Let’s use the same basic setup as in test python code, then use our knowledge from create python packages to convert our code to a package. And finally we will install the package on our Databricks cluster.
⟶
Following the previously mentioned posts, we’d have a setup that looks like this:
Insert the following snippet at the top of your Makefile
:
.EXPORT_ALL_VARIABLES:
WHEELNAME=demo-0.0.dev0-py3-none-any.whl
CLUSTERID=0123-456789-moose123 # update this line to match your cluster id
And append this snippet at the end of your Makefile
:
install-package-databricks:
@echo Installing 'dist/${WHEELNAME}' on databricks...
databricks fs cp dist/${WHEELNAME} dbfs:/libraries/${WHEELNAME} --overwrite
databricks libraries install --whl dbfs:/libraries/${WHEELNAME} --cluster-id ${CLUSTERID}
Run the make build
command in your terminal. Confirm that the file dist/demo-0.0.dev0-py3-none-any.whl
has been created:
➜ make build
...
➜ ls dist
demo-0.0.dev0-py3-none-any.whl
Finally, run the new make install-package-databricks
command in your terminal.
Note if you see the error: databricks command not found, it means that you haven’t installed the databricks cli yet. Open a new terminal, and make sure that you’re NOT inside a virtual environment.
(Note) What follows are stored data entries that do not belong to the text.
Lemma dropout_min_coordsZ : diag_mx (2 *: sigma - y) *m Z = X *m diag_mx (colsq V).
Proof.
have := congr1 (mulmx P^T) statV.
by rewrite dropout_min_residual /X /Z !mulmxA hP mul1mx.
Qed.

Lemma dropout_min_rangeV :
  V *m diag_mx (colsq U) = Q *m (diag_mx (2 *: sigma - y) *m X).
Proof.
by rewrite -statU dropout_min_residual !trmx_mul trmxK tr_diag_mx /X !mulmxA.
Qed.

Lemma dropout_min_coordsX : diag_mx (2 *: sigma - y) *m X = Z *m diag_mx (colsq U).
Proof. by rewrite /Z -mulmxA dropout_min_rangeV mulmxA hQ mul1mx. Qed.

Lemma dropout_min_colsqV i : colsq U 0 i != 0 -> colsq V 0 i = (Z^T *m Z) i i.
Proof.
move=> a_neq0.
have : (V *m diag_mx (colsq U))^T *m (V *m diag_mx (colsq U))
       = (Z *m diag_mx (colsq U))^T *m (Z *m diag_mx (colsq U)).
  by rewrite -dropout_min_coordsX dropout_min_rangeV trmx_mul -mulmxA (mulmxA Q^T) hQ mul1mx.
move/matrixP => /(_ i i); rewrite !gram_mul_diag !colsqE.
by apply: mulfI; rewrite sqrf_eq0 -colsqE.
Qed.
Lemma len_le_socle_step J p : is_ideal J -> sub_rad b J -> ~ J 1 -> len_le J unit_ideal p ->
  exists x, [/\ (0 < p)%nat, len_le (adjoin J x) unit_ideal p.-1 & forall y, b y -> J (y * x)].
Proof.
move=> HJ bJ nJ1 lJ; have [x [nJx bxJ]] := exists_socle_element noethB HJ bJ nJ1.
have Jx : exists y, adjoin J x y /\ ~ J y by exists x; split=> //; exact: adjoin_mem.
have [p_gt0 lJx] := len_le_pred HJ (is_ideal_adjoin x HJ) (incl_adjoin x HJ) Jx lJ.
by exists x.
Qed.

(* Adding a socle element [x] to [J] adds at most [λ(h)] to the length of the
   extension, since [h(b)C] annihilates [h x] modulo [h(J)C]. *)
Lemma len_le_ext_adjoin J x q p : is_ideal J -> (forall y, b y -> J (y * x)) ->
  len_le (ext_ideal h b) unit_ideal q -> len_le (ext_ideal h (adjoin J x)) unit_ideal p ->
  len_le (ext_ideal h J) unit_ideal (q + p)%nat.
Proof.
move=> HJ bxJ lq lp; set K := ext_ideal h J; have HK : is_ideal K := is_ideal_ext h J.
apply: (len_le_split (is_ideal_adjoin (h x) HK) (incl_adjoin _ HK)).
  apply: len_le_colon => //; apply: len_le_mono lq => //.
  apply: ext_ideal_min (is_ideal_colon _ HK) _ => a ba.
  by rewrite /colon -(ring_homM Hh); apply/ext_ideal_mem/bxJ.
apply: len_le_mono lp => //; apply: ext_ideal_min (is_ideal_adjoin _ HK) _ => _ [k [r [Jk ->]]].
rewrite (ring_homD Hh) (ring_homM Hh); exists (h k), (h r); split=> //.
exact: ext_ideal_mem.
Qed.

Lemma len_le_ext_mul q p J : len_le (ext_ideal h b) unit_ideal q ->
  is_ideal J -> sub_rad b J -> len_le J unit_ideal p -> len_le (ext_ideal h J) unit_ideal (p * q).
Proof.
move=> lq; elim: p J => [|p IHp] J HJ bJ lJ.
all: case: (classic (J 1)) => [/len_le_ext_unit//|nJ1].
all: have [x [p_gt0 lJx bxJ]] := len_le_socle_step HJ bJ nJ1 lJ => //.
rewrite mulSn; apply: len_le_ext_adjoin bxJ lq _ => //.
exact: IHp (is_ideal_adjoin x HJ) (sub_rad_incl bJ (incl_adjoin x HJ)) lJx.
Qed.

End ExtendedLength.

Section FlatLocal.
Variables A B : comNzRingType.
Variables (f : {rmorphism A -> B}) (m : A -> Prop) (n : B -> Prop).
Hypotheses (noethA : noetherian A) (localA : local_ring A).
Hypotheses (maxm : maximal_ideal m) (maxn : maximal_ideal n).
Hypotheses (f_local : forall x, m x -> n (f x)) (flat_f : flat_via f).

(* The relation
   [f x = Σ b_p f a_p] lifts to [A]; reducing its first coordinate modulo [n]
   shows that [x] times a unit of [A] lies in [J]. *)
Lemma ext_ideal_flat_contract J x : is_ideal J -> ext_ideal f J (f x) -> J x.
Proof.
move=> HJ [s [Js fxE]]; set r := size s.
pose u (i : 'I_r.+1) := nth x (x :: map snd s) i.
pose v (i : 'I_r.+1) := nth 0 (1 :: map (fun p => - p.1) s) i.
have rel : \sum_(i < r.+1) f (u i) * v i = 0.
  rewrite big_ord_recl /u /v /= mulr1 fxE (big_nth (0, 0)) big_mkord -big_split /=.
  apply: big1 => i _; rewrite !(nth_map (0, 0)) ?ltn_ord //.
  by rewrite mulrN mulrC subrr.
have [k [a [y [vE rel_a]]]] := flat_f rel.
have [j nma] : exists j, ~ m (a ord0 j).
  apply: NNPP => all_m; apply: (maximal_not1 maxn).
  have -> : 1 = \sum_(j < k) f (a ord0 j) * y j by rewrite -vE.
  apply: ideal_sum_seq (maximal_is_ideal maxn) _ => j.
  apply: (idealMr _ (maximal_is_ideal maxn)); apply: f_local.
  by apply: NNPP => nmaj; apply: all_m; exists j.
have [w wa] := unit_of_not_maximal noethA localA maxm nma.
have Jxa : J (x * a ord0 j).
  move/eqP: (rel_a j); rewrite big_ord_recl addr_eq0 => /eqP->.
  apply: idealN => //; apply: ideal_sum_seq => // i; apply: idealMr => //.
  by rewrite /u /= add0n (nth_map (0, 0)) ?ltn_ord //; apply/Js/mem_nth.
by rewrite -[x]mulr1 -wa mulrCA; exact: idealM HJ Jxa.
Qed.

Lemma ideal_chain_ext lo k C :
  ideal_chain lo k C -> ideal_chain (ext_ideal f lo) k (fun i => ext_ideal f (C i)).
Proof.
case=> Cin Cstep; split=> [i /Cin[_ loC]|i /[dup] ik /Cstep[CC [x [C1x nCx]]]].
  by split; [exact: is_ideal_ext | exact: ext_ideal_incl].
split; first exact: ext_ideal_incl.
exists (f x); split; first exact: ext_ideal_mem.
by have [HCi _] := Cin i (ltnW ik); move/(ext_ideal_flat_contract HCi).
Qed.

End FlatLocal.

Section FiniteLength.
Variables A B : comNzRingType.
Variables (g : A -> B) (a : A -> Prop) (b : B -> Prop).
Hypotheses (localA : local_ring A) (noethB : noetherian B) (localB : local_ring B).
Hypotheses (maxa : maximal_ideal a) (maxb : maximal_ideal b).
Hypotheses (g_local : forall x, a x -> b (g x)) (g_rad : sub_rad b (ext_ideal g a)).

Lemma ext_ideal_maximal_incl : incl (ext_ideal g a) b.
Proof. exact: ext_ideal_min (maximal_is_ideal maxb) g_local. Qed.

(* In a local ring, an ideal with maximal radical is primary: elements outside
   [b] are units. *)
Lemma finite_length_hom_of_rad : finite_length_hom g.
Proof.
move=> a' b' maxa' maxb'.
rewrite (local_maximal_eq localA maxa maxa') (local_maximal_eq localB maxb maxb').
split=> //; have Hext := is_ideal_ext g a; split.
- by split=> // /ext_ideal_maximal_incl; exact: maximal_not1.
- move=> x y xy; case: (classic (b y)) => [/g_rad|nby]; [by right | left].
  have [u uy] := unit_of_not_maximal noethB localB maxb nby.
  by rewrite -[x]mulr1 -uy mulrCA; apply: idealM.
- by move=> x; split=> [/g_rad|[k /ext_ideal_maximal_incl]] //; exact: maximal_expr.
Qed.

Lemma quotient_length_hom_length : quotient_length_is (ext_ideal g a) (hom_length g).
Proof.
have [N lN] := len_le_of_sub_rad noethB maxb (is_ideal_ext g a) g_rad.
have [n0 qn0] := quotient_length_exists (is_ideal_ext g a) lN.
have ex_n : exists n, exists a', maximal_ideal a' /\ quotient_length_is (ext_ideal g a') n.
  by exists n0, a.
have [a' [maxa' qa']] := epsilon_spec (inhabits O) _ ex_n.
by rewrite -(local_maximal_eq localA maxa maxa').
Qed.

Lemma hom_length_gt0 : (0 < hom_length g)%nat.
Proof.
apply: quotient_length_is_gt0 (is_ideal_ext g a) _ quotient_length_hom_length.
by move/ext_ideal_maximal_incl; exact: maximal_not1.
Qed.

End FiniteLength.

Lemma iter_local_sub_rad (A : comNzRingType) (g : A -> A) (m : A -> Prop) :
  ring_hom g -> (forall x, m x -> m (g x)) -> sub_rad m (ext_ideal g m) ->
  forall k, (forall x, m x -> m (iter k g x)) /\ sub_rad m (ext_ideal (iter k g) m).
Proof.
move=> Hg g_local g_rad; elim=> [|k [gk_local gk_rad]].
  by split=> // x mx; exists 1%nat; rewrite expr1; exact: (ext_ideal_mem (iter 0 g)).
split=> [x /gk_local/g_local //|].
have -> : iter k.+1 g = iter k g \o g by apply: functional_extensionality => x; rewrite iterSr.
exact: sub_rad_comp (ring_hom_iter k Hg) g_rad gk_rad.
Qed.

Section LogGrowth.
Local Open Scope R_scope.

Lemma ln_le (x y : R) : 0 < x -> x <= y -> ln x <= ln y.
Proof.
move=> x_gt0 /Rle_lt_or_eq_dec [xy|->]; last exact: Rle_refl.
exact/Rlt_le/ln_increasing.
Qed.

Lemma Un_cv_bounded_div_succ (w : nat -> R) (C : R) :
  (forall n, Rabs (w n) <= C) -> Un_cv (fun n => w n / INR n.+1) 0.
Proof.
move=> w_le eps eps_gt0; have [N CN] := INR_archimed eps C eps_gt0.
exists N => n Nn; rewrite /R_dist Rminus_0_r.
have n1_gt0 : 0 < INR n.+1 by apply: lt_0_INR; lia.
have Nn1 : INR N <= INR n.+1 by apply: le_INR; lia.
have inv_gt0 := Rinv_0_lt_compat _ n1_gt0.
have inv_n1 : / INR n.+1 * INR n.+1 = 1 by apply: Rinv_l; lra.
rewrite Rabs_mult Rabs_inv (Rabs_right (INR n.+1)); last lra.
have := w_le n; have := Rabs_pos (w n); nra.
Qed.

Lemma Un_cv_div_succ_shift (u v : nat -> R) (C h : R) :
  (forall n, Rabs (v n - u n) <= C) ->
  Un_cv (fun n => u n / INR n.+1) h -> Un_cv (fun n => v n / INR n.+1) h.
Proof.
move=> uv_le cv_u.
have := CV_plus _ _ _ _ cv_u (Un_cv_bounded_div_succ (w := fun n => v n - u n) uv_le).
rewrite Rplus_0_r; apply: Un_cv_ext => n; field.
by apply: not_0_INR.
Qed.

Lemma Un_cv_ln_div_succ_comparable (a b : nat -> nat) (c : nat) (h : R) :
  (forall n, (0 < a n)%nat) -> (forall n, (0 < b n)%nat) ->
  (forall n, (a n <= c * b n)%nat) -> (forall n, (b n <= c * a n)%nat) ->
  Un_cv (fun n => ln (INR (a n)) / INR n.+1) h ->
  Un_cv (fun n => ln (INR (b n)) / INR n.+1) h.
Proof.
move=> a_gt0 b_gt0 ab ba; apply: (Un_cv_div_succ_shift (C := ln (INR c))) => n.
have INR_gt0 k : (0 < k)%nat -> 0 < INR k by move=> k_gt0; apply: lt_0_INR; lia.
have c_gt0 : (0 < c)%nat by have := ab n; have := a_gt0 n; case: (c) => //; lia.
have ln_mul_le x y : (x <= c * y)%nat -> (0 < x)%nat -> (0 < y)%nat ->
    ln (INR x) <= ln (INR c) + ln (INR y).
  move=> xy x_gt0 y_gt0; rewrite -ln_mult; try exact: INR_gt0.
  by apply: ln_le; [exact: INR_gt0 | rewrite -mult_INR; apply: le_INR; lia].
have := ln_mul_le _ _ (ab n) (a_gt0 n) (b_gt0 n).
have := ln_mul_le _ _ (ba n) (b_gt0 n) (a_gt0 n).
by move=> *; apply: Rabs_le; lra.
Qed.

End LogGrowth.

Lemma h_alg_eq_of_comparable (A B : comNzRingType) (phi : A -> A) (psi : B -> B) (c : nat) :
  (forall k, 0 < hom_length (iter k phi))%nat -> (forall k, 0 < hom_length (iter k psi))%nat ->
  (forall k, hom_length (iter k phi) <= c * hom_length (iter k psi))%nat ->
  (forall k, hom_length (iter k psi) <= c * hom_length (iter k phi))%nat ->
  h_alg phi = h_alg psi.
Proof.
(* The two limit predicates are equivalent, so the [epsilon]s agree even when
   no limit exists. *)
move=> phi_gt0 psi_gt0 phi_le psi_le; rewrite /h_alg; congr (epsilon _ _).
apply: functional_extensionality => h; apply: propositional_extensionality.
by split=> cv; apply: Un_cv_ln_div_succ_comparable cv => k.
Qed.

Section FlatSquare.
Variables A B : comNzRingType.
Variables (f : {rmorphism A -> B}) (phi : {rmorphism A -> A}) (psi : {rmorphism B -> B}).
Variables (m : A -> Prop) (n : B -> Prop).
Hypotheses (noethA : noetherian A) (localA : local_ring A).
Hypotheses (noethB : noetherian B) (localB : local_ring B).
Hypotheses (maxm : maximal_ideal m) (maxn : maximal_ideal n) (flat_f : flat_via f).
Hypotheses (f_local : forall x, m x -> n (f x)) (f_rad : sub_rad n (ext_ideal f m)).
Hypotheses (phi_local : forall x, m x -> m (phi x)) (phi_rad : sub_rad m (ext_ideal phi m)).
Hypothesis psi_f : forall x, psi (f x) = f (phi x).

Lemma iter_psi_f k x : iter k psi (f x) = f (iter k phi x).
Proof. by elim: k => //= k ->; rewrite psi_f. Qed.

Lemma psi_local x : n x -> n (psi x).
Proof.
have Hn := maximal_is_ideal maxn.
have fm_psi : incl (ext_ideal f m) (fun y => n (psi y)).
  apply: ext_ideal_min (is_ideal_preim (rmorph_ring_hom psi) Hn) _ => a ma.
  by rewrite psi_f; apply/f_local/phi_local.
by move=> /f_rad[k /fm_psi]; rewrite rmorphXn; exact: maximal_expr.
Qed.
Run
pip3 install databricks-cli
, to install the cli tool globally.
Note if you see the error: Error: InvalidConfigurationError: You haven’t configured the CLI yet!, it means that you need to run
databricks configure --token
command. In your Databricks workspace, under User Settings, generate a new Access Token. Paste the token into your terminal after running the previous command.
Browse to your cluster libraries page, you should see that the package is being installed:
Follow section 5. build the artifact and 6. copy package to dbfs of my previous post to create a build and release pipeline in Azure DevOps, in order to automate the manual steps that we’ve just taken.
After installing, make sure that your package works. For me it does 👌